The losses inflicted upon the Jews of Poland during the fatal decade of 1648–1658 were appalling. In the reports of the chroniclers the number of Jewish victims varies between one hundred thousand and five hundred thousand. But even if we accept the lower figure, the number of victims still remains colossal, excelling the catastrophes of the Crusades and the Black Death in Western Europe. Some seven hundred Jewish communities in Poland had suffered massacre and pillage. In the Ukrainian cities situated on the left banks of the Dnieper, the region populated by Cossacks, in the present Governments of Chernigov, Poltava, and part of Kiev, the Jewish communities had disappeared almost completely. In the localities on the right shore of the Dnieper or in the Polish part of the Ukraina as well as in those of Volhynia and Podolia, wherever the Cossacks had made their appearance, only about one-tenth of the Jewish population survived. The others had either perished during the rebellion of Khmelnitzki, or had been carried off by the Tatars into Turkey, or had emigrated to Lithuania, the central provinces of Poland, or the countries of Western Europe. All over Europe and Asia Jewish refugees or prisoners of war could be met with, who had fled from Poland, or had been carried off by the Tatars, and ransomed by their brethren. Everywhere the wanderers told a terrible tale of the woes of their compatriots and of the martyrdom of hundreds of Jewish communities.

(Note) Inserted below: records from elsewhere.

Lemma colourC x y : adj (Some x) (Some y) -> colour x y = colour y x.
Proof.
move=> xy; rewrite /colour eq_sym.
case: ifP => [same_lvl|]; last by case: ltngtP.
move: same_lvl; case: (adj_cases xy) => [[x_gt0 ->] | [lt_x [a ->]] | [x_s _ [k ->]]].
- by have [_ -> _] := parentE x_gt0; move/eqP; lia.
- by have [_ -> _] := childE a lt_x; move/eqP; lia.
- by rewrite (block_nbrE k x_s).2 block_labelC.
Qed.

Lemma colour_proper x y z : adj (Some x) (Some y) -> adj (Some x) (Some z) -> y != z ->
  colour x y != colour x z.
Proof.
move=> xy xz; apply: contra => /eqP same; apply/eqP; move: same.
case: (adj_cases xy) => [[x_gt0 ->] | [lt_x [a ->]] | [x_s _ [k ->]]];
case: (adj_cases xz) => [[x_gt0' ->] | [lt_x' [b ->]] | [x_s' _ [k' ->]]] //.
- by rewrite colour_parent // colour_child // => /eqP; rewrite eq_sym (negbTE (skip_neq _ _)).
- rewrite colour_parent // colour_block_nbr // up_leaf // => /relabel_inj /eqP.
  by rewrite eq_sym (negbTE (nbr_label_neq _ _)).
- by rewrite colour_parent // colour_child // => /eqP; rewrite (negbTE (skip_neq _ _)).
- by rewrite !colour_child // => /skip_inj /val_inj ->.
- by move: lt_x; rewrite x_s' ltnn.
- rewrite colour_parent // colour_block_nbr // up_leaf // => /relabel_inj /eqP.
  by rewrite (negbTE (nbr_label_neq _ _)).
- by move: lt_x'; rewrite x_s ltnn.
- by rewrite !colour_block_nbr // => /relabel_inj /nbr_label_inj ->.
Qed.

Definition level (u : option vertex) : nat := if u is Some x then lvl x else 0.

Local Notation V := (layer None level).

Lemma in_layer x i : (Some x \in V i) = (lvl x == i).
Proof. by rewrite inE. Qed.

Lemma card_roots : #|V 0| = 4.
Proof.
have -> : V 0 = [set Some (mkvertex j 0 0) | j : copy].
  apply/setP; case=> [y|]; last by rewrite inE; apply/esym/imsetP; case.
  rewrite in_layer; apply/eqP/imsetP => [y0 | [j _ [->]]]; last first.
    by have [_ -> _] := mkvertexE j (leq0n s) (expn_gt0 r 0).
  exists y.1 => //; congr Some.
  have [j0 l0 n0] := mkvertexE y.1 (leq0n s) (expn_gt0 r 0).
  apply: vertex_eq; rewrite ?j0 ?l0 ?n0 //.
  by have := num_lt y; rewrite y0 expn0; lia.
rewrite card_imset ?card_prod ?card_bool // => j j'.
by move/(congr1 (omap fst)) => [].
Qed.
(* Let $X$ be a Polish space and $n\in\mathbb{N}$. The map $\tau\mapsto\tau^*$ from $\mathcal{M}(X^{(n)})$ to $\mathcal{M}(X)$ is continuous.
   Context: $X^{(n)}$ is the quotient of $X^n$ by permutations of coordinates with the quotient topology, identified with the set of multisets $m:X\to\mathbb{N}$ of cardinality $n$. $\mathcal{M}(Z)$ denotes the finite Borel measures on $Z$ with the weak topology (generated by $\tau\mapsto\int f\,d\tau$ for bounded continuous $f$). For $\tau\in\mathcal{M}(X^{(n)})$, $\tau^*$ is the Borel measure on $X$ defined by $\tau^*(E)=\sum_{i=1}^n\tau\big(s^{-1}(\pi_i^{-1}(E))\big)$, where $s:X^{(n)}\to X^n$ is a universally measurable map with $q\circ s=\mathrm{id}$ ($q$ the quotient map) and $\pi_i:X^n\to X$ the $i$-th projection; equivalently $\tau^*(E)=\int\sum_{x\in E}m(x)\,d\tau(m)$. *)

From HB Require Import structures.
From mathcomp Require Import all_boot all_order all_algebra all_fingroup.
From mathcomp Require Import generic_quotient.
Local Open Scope quotient_scope.
From mathcomp Require Import all_classical all_reals all_analysis.

Set Implicit Arguments.
Unset Strict Implicit.
Unset Printing Implicit Defensive.
Import Order.TTheory GRing.Theory Num.Theory numFieldNormedType.Exports.
Local Open Scope classical_set_scope.
Local Open Scope ring_scope.

Definition polish (R : realType) (X : topologicalType) : Prop :=
  (exists D : set X, countable D /\ closure D = setT) /\
  exists d : X -> X -> R,
    [/\
        [/\ (forall x y, 0 <= d x y),
            (forall x y, d x y = 0 <-> x = y),
            (forall x y, d x y = d y x) &
            (forall x y z, d x z <= d x y + d y z)],
        (forall A : set X, open A <->
            (forall x, A x -> exists2 e : R, 0 < e & [set y | d x y < e] `<=` A)) &
        (forall u : nat -> X,
            (forall e : R, 0 < e -> exists N : nat, forall p q : nat,
                 (N <= p)%N -> (N <= q)%N -> d (u p) (u q) < e) ->
            exists l : X, (fun k => d (u k) l) @ \oo --> (0 : R^o))].

(** ** Symmetric power X^(n) = X^n / S_n with the quotient topology.
    X^n is 'rV[X]_n with its product topology. *)
Section SymPow.
Variables (X : ptopologicalType) (n : nat).

Definition entries (v : 'rV[X]_n) : seq X := [seq v ord0 i | i <- enum 'I_n].

(* two points of X^n are identified iff they differ by a permutation of
   coordinates, i.e. iff their coordinate lists are permutations of each other *)
Definition perm_rel : rel 'rV[X]_n := fun v w => perm_eq (entries v) (entries w).

Lemma perm_rel_refl : reflexive perm_rel.
Proof. by move=> v; exact: perm_refl. Qed.

Lemma perm_rel_sym : symmetric perm_rel.
Proof. by move=> v w; exact: perm_sym. Qed.

Lemma perm_rel_trans : transitive perm_rel.
Proof. by move=> v u w; exact: perm_trans. Qed.

Canonical perm_equiv := EquivRel perm_rel perm_rel_refl perm_rel_sym perm_rel_trans.

Definition sympow_quot := {eq_quot perm_equiv}.

Definition sympow : ptopologicalType := quotient_topology sympow_quot.

(** multiset view: for q in X^(n) and E, the number sum_{x in E} q(x) *)
Definition mult_in (E : set X) (q : sympow) : nat :=
  count (fun x => `[< E x >]) (entries (repr q)).

End SymPow.

Definition borel (T : ptopologicalType) := g_sigma_algebraType (@open T).

Definition fmeasure (R : realType) (T : ptopologicalType) :=
  {finite_measure set (borel T) -> \bar R}.
HB.instance Definition _ R T := gen_eqMixin (fmeasure R T).
HB.instance Definition _ R T := gen_choiceMixin (fmeasure R T).

Definition bcfun (R : realType) (T : ptopologicalType) :=
  {f : T -> R | continuous f /\ exists M : R, forall x, `|f x| <= M}.

Definition meas_eval (R : realType) (T : ptopologicalType) (mu : fmeasure R T) :
  {ptws bcfun R T -> R} :=
  fun f => fine (\int[mu]_x ((proj1_sig f : borel T -> R) x)%:E).

(** M(T): finite Borel measures with the weak topology, i.e. the initial
    topology of the maps mu |-> \int f dmu, f bounded continuous *)
Definition Meas (R : realType) (T : ptopologicalType) :=
  initial_topology (@meas_eval R T).

From HB Require Import structures.
From mathcomp Require Import all_boot all_order all_algebra.
From mathcomp Require Import generic_quotient zify lra.
From mathcomp Require Import all_classical all_reals all_analysis.
From mathcomp Require Import measurable_realfun.

Set Implicit Arguments.
Unset Strict Implicit.
Unset Printing Implicit Defensive.
Import Order.TTheory GRing.Theory Num.Theory numFieldNormedType.Exports.
Local Open Scope classical_set_scope.
Local Open Scope ring_scope.

(* tau^* is the mixture of the finite measures kappa_q = sum_(x in q) delta_x
   against tau.  For open E the sets {q | k <= q(E)} are open in X^(n), so
   q |-> kappa_q(E) is measurable for open E, hence for every Borel E by a
   Dynkin argument.  For a bounded continuous g we then get
   int g dtau^* = int (sum_(x in q) g x) dtau(q), and q |-> sum_(x in q) g x is
   bounded and continuous on X^(n), being induced by a continuous symmetric
   function on X^n.  Hence each map tau |-> int g dtau^* is one of the maps
   defining the weak topology of M(X^(n)). *)

Section mixture.
Context d d' (Y : measurableType d) (Z : measurableType d') (R : realType).
Local Open Scope ereal_scope.

Definition kconst (mu : {finite_measure set Y -> \bar R}) :
  unit -> {measure set Y -> \bar R} := fun _ => mu.

Section kconst.
Variable mu : {finite_measure set Y -> \bar R}.

Let measurable_kconst U : measurable U -> measurable_fun [set: unit] (kconst mu ^~ U).
Proof. by move=> _; exact: (measurable_cst (mu U)). Qed.

HB.instance Definition _ := isKernel.Build _ _ _ _ R (kconst mu) measurable_kconst.

Let kconst_uub : measure_fam_uub (kconst mu).
Proof.
exists (fine (mu setT) + 1)%R => x; rewrite /kconst -[X in X < _]fineK ?fin_num_measure//.
by rewrite lte_fin ltrDl.
Qed.

HB.instance Definition _ := Kernel_isFinite.Build _ _ _ _ R (kconst mu) kconst_uub.

End kconst.

Definition ksnd (k : R.-fker Y ~> Z) : unit * Y -> {measure set Z -> \bar R} :=
  k \o snd.

Section ksnd.
Variable k : R.-fker Y ~> Z.

Let measurable_ksnd U : measurable U -> measurable_fun [set: unit * Y] (ksnd k ^~ U).
Proof. by move=> mU; exact: measurableT_comp (measurable_kernel k _ mU) _. Qed.

HB.instance Definition _ := isKernel.Build _ _ _ _ R (ksnd k) measurable_ksnd.

Let ksnd_uub : measure_fam_uub (ksnd k).
Proof. by have [r kr] := measure_uub k; exists r => -[]. Qed.

HB.instance Definition _ := Kernel_isFinite.Build _ _ _ _ R (ksnd k) ksnd_uub.

End ksnd.

Variables (mu : {finite_measure set Y -> \bar R}) (k : R.-fker Y ~> Z).

(* A |-> \int[mu]_y k y A, as a kernel composition over the one-point
   parameter space. *)
Definition mixture : set Z -> \bar R := kcomp (kconst mu) (ksnd k) tt.

HB.instance Definition _ := Measure.on mixture.

Import KCOMP_FINITE_KERNEL.

Let mixture_fin : fin_num_fun mixture.
Proof.
move=> A mA; have /measure_fam_uubP[r hr] := measure_uub (kconst mu \; ksnd k).
rewrite ge0_fin_numE ?measure_ge0//.
apply: le_lt_trans (lt_trans (hr tt) (ltry _)).
by apply: (le_measure ((kconst mu \; ksnd k) tt)); rewrite ?inE.
Qed.

HB.instance Definition _ := Measure_isFinite.Build _ _ R mixture mixture_fin.

Lemma integral_mixture f : (forall z, 0 <= f z) -> measurable_fun [set: Z] f ->
  \int[mixture]_z f z = \int[mu]_y \int[k y]_z f z.
Proof. by move=> f0 mf; rewrite (integral_kcomp (kconst mu) (ksnd k)). Qed.

End mixture.

Lemma open_measurable_borel (T : ptopologicalType) (A : set T) :
  open A -> measurable (A : set (borel T)).
Proof. by move=> oA; apply: sub_gen_smallest. Qed.

Lemma continuous_measurable_borel (R : realType) (T : ptopologicalType) (g : T -> R) :
  continuous g -> measurable_fun setT (g : borel T -> R).
Proof.
move=> cg; apply: (measurability (@RGenOpens.G R) (RGenOpens.measurableE R)).
move=> _ [B [x [y ->]] <-]; rewrite setTI; apply: open_measurable_borel.
exact: (proj1 (continuousP g)) cg _ (itv_open x y).
Qed.

Lemma ptws_continuous (R : realType) (Z : topologicalType) (I : Type)
    (h : Z -> {ptws I -> R}) :
  (forall i, continuous (fun z => h z i)) -> continuous h.
Proof.
move=> hc z; apply/cvg_sup => i.
exact: (@continuous_comp_initial _ _ _ (fun f : I -> R => f i) h (hc i)).
Qed.

HB.instance Definition _ (R : realType) (T : ptopologicalType) :=
  gen_eqMixin (bcfun R T).

Lemma continuous_meas_eval (R : realType) (T : ptopologicalType) (f : bcfun R T) :
  continuous (fun mu : Meas R T => meas_eval mu f).
Proof.
move=> mu.
exact: continuous_comp (@initial_continuous _ _ (@meas_eval R T) mu)
  (@proj_continuous (bcfun R T) (fun _ => R) f (meas_eval mu)).
Qed.

Lemma continuous_mx_entry (T : topologicalType) m n (i : 'I_m) (j : 'I_n) :
  continuous (fun v : 'M[T]_(m, n) => v i j).
Proof.
move=> v A /= nA.
exists (fun i' j' => if (i' == i) && (j' == j) then A else setT).
  by move=> i' j'; case: ifP => [/andP[/eqP-> /eqP->]//|_]; exact: filterT.
by move=> w /(_ i j); rewrite !eqxx.
Qed.

Lemma sum_lt_minn (m k : nat) : (\sum_(i < k) (i < m : nat))%N = minn m k.
Proof.
elim: k => [|k IH]; first by rewrite big_ord0 minn0.
by rewrite big_ord_recr /= IH; lia.
Qed.

Section multiset.
Variables (X : ptopologicalType) (n : nat).
Local Open Scope quotient_scope.
Local Notation S := (sympow X n).

Definition mset_seq (q : S) : seq X := entries (repr q).

Lemma size_mset_seq (q : S) : size (mset_seq q) = n.
Proof. by rewrite /mset_seq /entries size_map size_enum_ord. Qed.

Lemma perm_mset_seq_pi (v : 'rV[X]_n) : perm_eq (mset_seq (\pi_S v)) (entries v).
Proof.
have : \pi_(sympow_quot X n) (repr (\pi_S v)) = \pi_(sympow_quot X n) v by rewrite reprK.
by move/eqmodP.
Qed.

Lemma mult_inE (E : set X) (q : S) : mult_in E q = count (fun x => `[< E x >]) (mset_seq q).
Proof. by []. Qed.

Lemma mult_in_le (E : set X) (q : S) : (mult_in E q <= n)%N.
Proof. by rewrite mult_inE -(size_mset_seq q) count_size. Qed.

Lemma mult_inT (q : S) : mult_in setT q = n.
Proof.
by rewrite mult_inE -(size_mset_seq q) -count_predT; apply: eq_count => x; exact/asboolP.
Qed.

Lemma mult_inC (E : set X) (q : S) : mult_in (~` E) q = (n - mult_in E q)%N.
Proof.
rewrite !mult_inE -(size_mset_seq q) -(count_predC (fun x => `[< E x >])) addKn.
by apply: eq_count => x; exact: asbool_neg.
Qed.

Lemma open_count_ge (E : set X) k : open E ->
  open [set v : 'rV[X]_n | (k <= count (fun x => `[< E x >]) (entries v))%N].
Proof.
move=> oE; rewrite openE => v /= hv.
exists (fun i j => if `[< E (v i j) >] then E else setT).
  move=> i j; case: ifP => [/asboolP Ev|_]; last exact: filterT.
  by apply: open_nbhs_nbhs; split.
move=> w hw /=; apply: (leq_trans hv).
rewrite /entries !count_map; apply: sub_count => j /=.
by have := hw ord0 j; case: asboolP => //= Ev Ew _; exact/asboolP.
Qed.

Lemma open_mult_in_ge (E : set X) k : open E -> open [set q : S | (k <= mult_in E q)%N].
Proof.
move=> /(@open_count_ge _ k); congr open; apply/seteqP; split => v /=;
  by rewrite mult_inE (seq.permP (perm_mset_seq_pi v)).
Qed.

Section mset_sum.
Variable R : realType.

Definition mset_sum (g : X -> R) (q : S) : R := \sum_(x <- mset_seq q) g x.

Lemma mset_sum_pi (g : X -> R) (v : 'rV[X]_n) :
  mset_sum g (\pi_S v) = \sum_(j < n) g (v ord0 j).
Proof. by rewrite /mset_sum (perm_big _ (perm_mset_seq_pi v)) big_map big_enum. Qed.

An echo of all these horrors resounds in contemporary chronicles and mournful synagogue liturgies. One of the eye-witnesses of the Ukraina massacres, Nathan Hannover, from Zaslav, gives a striking description of it in his historical chronicle Yeven Metzula132 (1653). Sabbatai Kohen, the famous scholar of Vilna,133 brought this catastrophe to the notice of the Jewish world through a circular letter, entitled Meghillath Efa,134 which was accompanied by prayers in memory of the Polish martyrs. In heartrending liturgies many contemporary rabbis and writers, such as Lipman Heller, Rabbi of Cracow, Sheftel Horovitz, Rabbi of Posen, the scholars Meïr of Shchebreshin135 (Tzok ha-`Ittim,136 1650) and Gabriel Shussberg (Petah Teshuba,137 1653), lament the destruction of Polish Jewry. All these writings are pervaded with the bitter consciousness that Polish Jewry would never recuperate from the blows it had received, and that the peaceful nest in which the persecuted nation had found a refuge was destroyed forever.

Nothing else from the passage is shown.